Preferably, in step S9: u. of 4 =T1+T2,T1=r0 3 *Mc、T2=A[0]*Md;
R0 in step S10 4 The calculation formula of (2) is as follows: r0 4 ={(W`[0]+W`[1]):(V`[0]+V`[1]): (W[0]+W[1]):(V[0]+V[1]) }; wherein, V0]=A[3]*B[0]、V[1]=u 4 *M[0]、 W[0]=A[3]*B[1]、W[1]=u 4 *M[1]、V`[0]=A[3]*B[2]、V`[1]=u 4 *M[2]、 W`[0]=A[3]*B[3]、W`[1]=u 4 *M[3]。

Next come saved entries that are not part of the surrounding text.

Lemma strict_wellorder_exists (T : Type) : exists W : T -> T -> Prop, strict_wellorder W.
Proof.
have [R woR] := wochoice.well_ordering_principle {classic T}.
have woRT : wochoice.wo_chain R predT by move=> A _; exact: woR.
have Ranti x y : R x y -> R y x -> x = y.
  by move=> xy yx; apply: (wochoice.wo_chain_antisymmetric woRT isT isT); rewrite xy yx.
have Rtotal x y : R x y \/ R y x.
  by case/orP: (wochoice.wo_chainW woRT (x:=x) (y:=y) isT isT); auto.
have Rmin (G : T -> Prop) : (exists x, G x) -> exists m, G m /\ forall x, G x -> R m x.
  move=> [x Gx]; have [|m [[Gm lbm] _]] := woR [pred y | `[< G y >]].
    by exists x; rewrite inE.
  move: Gm; rewrite inE => Gm; exists m; split=> // y Gy.
  by apply: lbm; rewrite inE.
exists (fun x y => R x y /\ x <> y); split.
- by move=> x [_].
- move=> x y z [xy nxy] [yz nyz].
  have [|m [mxyz lbm]] := Rmin (fun w => w = x \/ w = y \/ w = z); first by exists x; left.
  split; last by move=> exz; apply: nxy; apply: Ranti xy _; rewrite exz.
  case: mxyz => [emx|[emy|emz]]; subst m.
  + by apply: lbm; right; right.
  + by case: nxy; apply: Ranti xy (lbm x _); left.
  + by case: nyz; apply: Ranti yz (lbm y _); right; left.
- move=> x y; have [->|nxy] := pselect (x = y); first by right; left.
  by case: (Rtotal x y) => ?; [left | right; right]; split=> // eyx; apply: nxy.
- move=> G /Rmin [m [Gm lbm]]; exists m; split=> // x Gx [xm nxm].
  exact/nxm/Ranti/lbm.
Qed.

Lemma strict_wellorder_lex (K T : Type) (WK : K -> K -> Prop) (WT : T -> T -> Prop)
    (k : T -> K) :
  strict_wellorder WK -> strict_wellorder WT ->
  strict_wellorder (fun y z => WK (k y) (k z) \/ k y = k z /\ WT y z).
Proof.
move=> [irrK transK totK minK] [irrT transT totT minT]; split.
- by move=> y [/irrK|[_ /irrT]].
- move=> x y z [xy|[exy xy]] [yz|[eyz yz]].
  + by left; apply: transK xy yz.
  + by left; rewrite -eyz.
  + by left; rewrite exy.
  + by right; split; [rewrite exy | apply: transT xy yz].
- move=> y z; case: (totK (k y) (k z)) => [|[eyz|]]; [by left; left | | by right; right; left].
  by case: (totT y z) => [|[|]]; [left; right | right; left | right; right; right].
- move=> G [y Gy].
  have [|kmin [[y0 [Gy0 <-]] kminP]] := minK (fun a => exists y, G y /\ k y = a).
    by exists (k y), y.
  have [|m [[Gm km] mP]] := minT (fun y => G y /\ k y = k y0); first by exists y0.
  exists m; split=> // x Gx [xm|[exm xm]].
    by apply: (kminP (k x)); [exists x | rewrite -km].
  by apply: (mP x) => //; split; [|rewrite exm].
Qed.

Lemma card_le_c_plus_of_wellorder (F : family) (R : NPU -> NPU -> Prop) :
  strict_wellorder R -> (forall z, F z -> card_le_c (fun y => F y /\ R y z)) ->
  card_le_c_plus F.
Proof.
by move=> [irrR transR totR minR] segR; exists R; repeat split; eauto.
Qed.

Section ChainRank.

Variables (W : NPU -> NPU -> Prop) (C : family).
Hypotheses (woW : strict_wellorder W) (chainC : chain C).

Definition is_rank (x r : NPU) : Prop :=
  [/\ C r, RK_le x r & forall u, C u -> RK_le x u -> ~ W u r].

Lemma rank_exists (x : NPU) : C x -> exists r, is_rank x r.
Proof.
move=> Cx; have [_ _ _ minW] := woW.
have [|r [[Cr xr] rmin]] := minW (fun u => C u /\ RK_le x u).
  by exists x; split=> //; exact: RK_refl.
by exists r; split=> // u Cu xu; apply: rmin.
Qed.

Lemma rank_monotone (y ry r : NPU) : is_rank y ry -> C r -> W r ry -> RK_le r ry.
Proof.
move=> [Cry yry rymin] Cr Wr; case: (chainC Cr Cry) => // ryr.
by case: (rymin r Cr (RK_trans yry ryr)).
Qed.

End ChainRank.

(** Order [F] by the [W]-position of the rank of the key [k y], ties broken by [W];
    every element below [z] then has its key RK-below [rank (k z)]. *)
Lemma card_le_c_plus_of_chain_key (C F : family) (k : NPU -> NPU) :
  chain C -> (forall y, F y -> C (k y)) ->
  (forall x, card_le_c (fun y => F y /\ RK_le (k y) x)) -> card_le_c_plus F.
Proof.
move=> chainC Ck cones.
have [W woW] := strict_wellorder_exists NPU.
have /choice [rank rankP] : forall x, exists r, C x -> is_rank W C x r.
  move=> x; have [Cx|nCx] := pselect (C x); last by exists x.
  by have [r xr] := rank_exists woW Cx; exists r.
apply: (card_le_c_plus_of_wellorder (strict_wellorder_lex (rank \o k) woW woW)) => z Fz.
apply: (card_le_c_sub (cones (rank (k z)))) => y [Fy Ryz]; split=> //.
have [Cry kyr _] := rankP _ (Ck y Fy).
apply: RK_trans kyr _; case: Ryz => [/= Wr|[/= -> _]]; last exact: RK_refl.
exact: (rank_monotone chainC (rankP _ (Ck z Fz)) Cry Wr).
Qed.

Lemma chain_card_le_c_plus (C : family) : chain C -> card_le_c_plus C.
Proof.
move=> chainC; apply: (card_le_c_plus_of_chain_key (k := id) chainC) => // x.
by apply: (card_le_c_sub (RK_cone_card_le_c x)) => y [].
Qed.

Definition with_partners (C : family) (h : NPU -> NPU) : family :=
  fun y => exists x, C x /\ (y = x \/ y = h x).

Lemma with_partners_card_le_c_plus (C : family) (h : NPU -> NPU) :
  chain C -> card_le_c_plus (with_partners C h).
Proof.
move=> chainC.
have /choice [base baseP] : forall y, exists x, with_partners C h y -> C x /\ (y = x \/ y = h x).
  by move=> y; have [[x Hx]|ny] := pselect (with_partners C h y); [exists x | exists y].
apply: (card_le_c_plus_of_chain_key (k := base) chainC) => [y /baseP [] //|x].
apply: (card_le_c_sub (card_le_c_union (RK_cone_card_le_c x)
  (card_le_c_image h (RK_cone_card_le_c x)))) => y [/baseP [_ [ey|ey]] bx].
  by left; rewrite ey.
by right; exists (base y).
Qed.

The invention has the beneficial effects that:
the invention provides a system and a method for rapidly realizing Montgomery modular multiplication by using multiple multipliers, which optimize the calculation mode of the original Montgomery modular multiplication formula loop iteration, use a plurality of 64-bit multipliers for parallel operation, greatly improve the speed of operation signature, signature verification, encryption, decryption and key generation of an asymmetric algorithm chip, and improve the performance of a security chip.
Drawings
FIG. 1 is a chip structure in a system for fast Montgomery modular multiplication using multiple multipliers provided in embodiment 1;
fig. 2 is a schematic diagram of the principle of the method for quickly implementing montgomery modular multiplication using multiple multipliers provided in embodiment 2.
Detailed Description
In order to make the objects, technical solutions and advantages of the present invention more apparent, the present invention is further described in detail below with reference to the accompanying drawings. It should be understood that the detailed description and specific examples, while indicating the invention, are intended for purposes of illustration only and are not intended to limit the scope of the invention.
Example 1
The embodiment provides a system for rapidly realizing Montgomery modular multiplication by using a multi-multiplier, which comprises an asymmetric algorithm chip and an upper computer, wherein the asymmetric algorithm chip is shown in FIG. 1 and comprises a processor, an asymmetric hardware module and a random data module, and the processor, the asymmetric hardware module and the random data module are all connected with a bus; the asymmetric hardware module comprises a register, a RAM and an algorithm module, wherein the algorithm module comprises a point addition module, a point doubling module, a modular exponentiation module, a modular inversion module, a modular subtraction module, a modular addition module and a modular multiplication module; the processor writes data and parameters to be operated into an RAM of the asymmetric hardware module through a bus, and writes a mode to be operated into a register of the asymmetric hardware module; after the asymmetric hardware module detects the enable bit of the register, calling a corresponding operation module to perform operation according to the operation mode, writing result data into the RAM after the operation is finished, and simultaneously setting an end mark in the register and generating interruption; the processor receives the interrupt or inquires the end mark in the asymmetric hardware module register, reads the result data in the RAM through the bus, and outputs the result data to the upper computer.
Example 2
The embodiment provides a method for quickly implementing montgomery modular multiplication by using multiple multipliers, based on the system for quickly implementing montgomery modular multiplication by using multiple multipliers described in embodiment 1, including the following steps:
the processor acquires data and parameters to be operated, writes the data and the parameters into an RAM of the asymmetric hardware module, and writes an operation mode to be operated into a register of the asymmetric hardware module;
after the asymmetric hardware module detects an enable bit of a register, calling a corresponding operation module according to a determined operation mode to operate data and parameters to be operated;
writing result data into the RAM after the operation is finished, and simultaneously setting an end mark in the register and generating interruption; the processor receives the interrupt or inquires the end mark in the asymmetric hardware module register, reads the result data in the RAM through the bus, and uploads the result data to the upper computer.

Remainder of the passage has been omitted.